### What the task asks
Word for word, repeat every entry that appears below.

### Material shown
(* Let $N\ge2$ and let $\Theta_N\colon\tilde\Gamma_0(N)\to K_2(\mathbb{Q}(\mu_N))/Z_N$ be as below. If $N$ is divisible by two distinct primes, then $\Theta_N$ takes values in $K_2(\mathbb{Z}[\mu_N])/Z_N$. If $N$ is a prime power, then the restriction of $\Theta_N$ to $\Gamma_1(N)$ takes values in $K_2(\mathbb{Z}[\mu_N])/Z_N$.
   Context: $\zeta_N$ is a primitive $N$th root of unity; $Z_N$ is the subgroup of $K_2(\mathbb{Q}(\mu_N))$ generated by $\{-1,-\zeta_N\}$; $K_2(\mathbb{Z}[\mu_N])$ is viewed as a subgroup of $K_2(\mathbb{Q}(\mu_N))$. $\tilde\Gamma_0(N)=\{\begin{pmatrix}a&b\\c&d\end{pmatrix}\in\mathrm{GL}_2(\mathbb{Z}):N\mid c\}$ and $\Gamma_1(N)=\{\begin{pmatrix}a&b\\c&d\end{pmatrix}\in\mathrm{SL}_2(\mathbb{Z}):N\mid c,\ d\equiv1\bmod N\}$. For $\gamma=\begin{pmatrix}a&b\\c&d\end{pmatrix}\in\tilde\Gamma_0(N)$, an $N$-connecting sequence is $(b_i,d_i)\in\mathbb{Z}^2$, $0\le i\le k$, with $(b_0,d_0)=(0,1)$, $(b_k,d_k)=\det(\gamma)(b,d)$, $b_{i-1}d_i-b_id_{i-1}=1$, and $N\nmid d_i$ for $i<k$; such sequences exist, and $\Theta_{N,\gamma}=\sum_{i=1}^k\{1-\zeta_N^{d_i},1-\zeta_N^{-d_{i-1}}\}\bmod Z_N$ is independent of the choice. *)

From HB Require Import structures.
From mathcomp Require Import all_boot all_order all_algebra all_field.
Set Implicit Arguments. Unset Strict Implicit. Unset Printing Implicit Defensive.
Import Order.TTheory GRing.Theory Num.Theory.
Local Open Scope ring_scope.

(* Milnor K_2 of a field L (= Quillen K_2 by Matsumoto's theorem):     *)
(* the free abelian group on symbols {a,b}, a,b in L^x, modulo the     *)
(* Steinberg relations (bimultiplicativity and {a,1-a} = 0).           *)
(* An element of the free abelian group is represented by a finite     *)
(* formal sum: a list of entries (k, a, b) standing for k*{a,b}.       *)
Section K2.
Variable L : fieldType.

### Response area
(* Let $N\ge2$ and let $\Theta_N\colon\tilde\Gamma_0(N)\to K_2(\mathbb{Q}(\mu_N))/Z_N$ be as below. If $N$ is divisible by two distinct primes, then $\Theta_N$ takes values in $K_2(\mathbb{Z}[\mu_N])/Z_N$. If $N$ is a prime power, then the restriction of $\Theta_N$ to $\Gamma_1(N)$ takes values in $K_2(\mathbb{Z}[\mu_N])/Z_N$.
   Context: $\zeta_N$ is a primitive $N$th root of unity; $Z_N$ is the subgroup of $K_2(\mathbb{Q}(\mu_N))$ generated by $\{-1,-\zeta_N\}$; $K_2(\mathbb{Z}[\mu_N])$ is viewed as a subgroup of $K_2(\mathbb{Q}(\mu_N))$. $\tilde\Gamma_0(N)=\{\begin{pmatrix}a&b\\c&d\end{pmatrix}\in\mathrm{GL}_2(\mathbb{Z}):N\mid c\}$ and $\Gamma_1(N)=\{\begin{pmatrix}a&b\\c&d\end{pmatrix}\in\mathrm{SL}_2(\mathbb{Z}):N\mid c,\ d\equiv1\bmod N\}$. For $\gamma=\begin{pmatrix}a&b\\c&d\end{pmatrix}\in\tilde\Gamma_0(N)$, an $N$-connecting sequence is $(b_i,d_i)\in\mathbb{Z}^2$, $0\le i\le k$, with $(b_0,d_0)=(0,1)$, $(b_k,d_k)=\det(\gamma)(b,d)$, $b_{i-1}d_i-b_id_{i-1}=1$, and $N\nmid d_i$ for $i<k$; such sequences exist, and $\Theta_{N,\gamma}=\sum_{i=1}^k\{1-\zeta_N^{d_i},1-\zeta_N^{-d_{i-1}}\}\bmod Z_N$ is independent of the choice. *)

From HB Require Import structures.
From mathcomp Require Import all_boot all_order all_algebra all_field.
Set Implicit Arguments. Unset Strict Implicit. Unset Printing Implicit Defensive.
Import Order.TTheory GRing.Theory Num.Theory.
Local Open Scope ring_scope.

(* Milnor K_2 of a field L (= Quillen K_2 by Matsumoto's theorem):     *)
(* the free abelian group on symbols {a,b}, a,b in L^x, modulo the     *)
(* Steinberg relations (bimultiplicativity and {a,1-a} = 0).           *)
(* An element of the free abelian group is represented by a finite     *)
(* formal sum: a list of entries (k, a, b) standing for k*{a,b}.       *)
Section K2.
Variable L : fieldType.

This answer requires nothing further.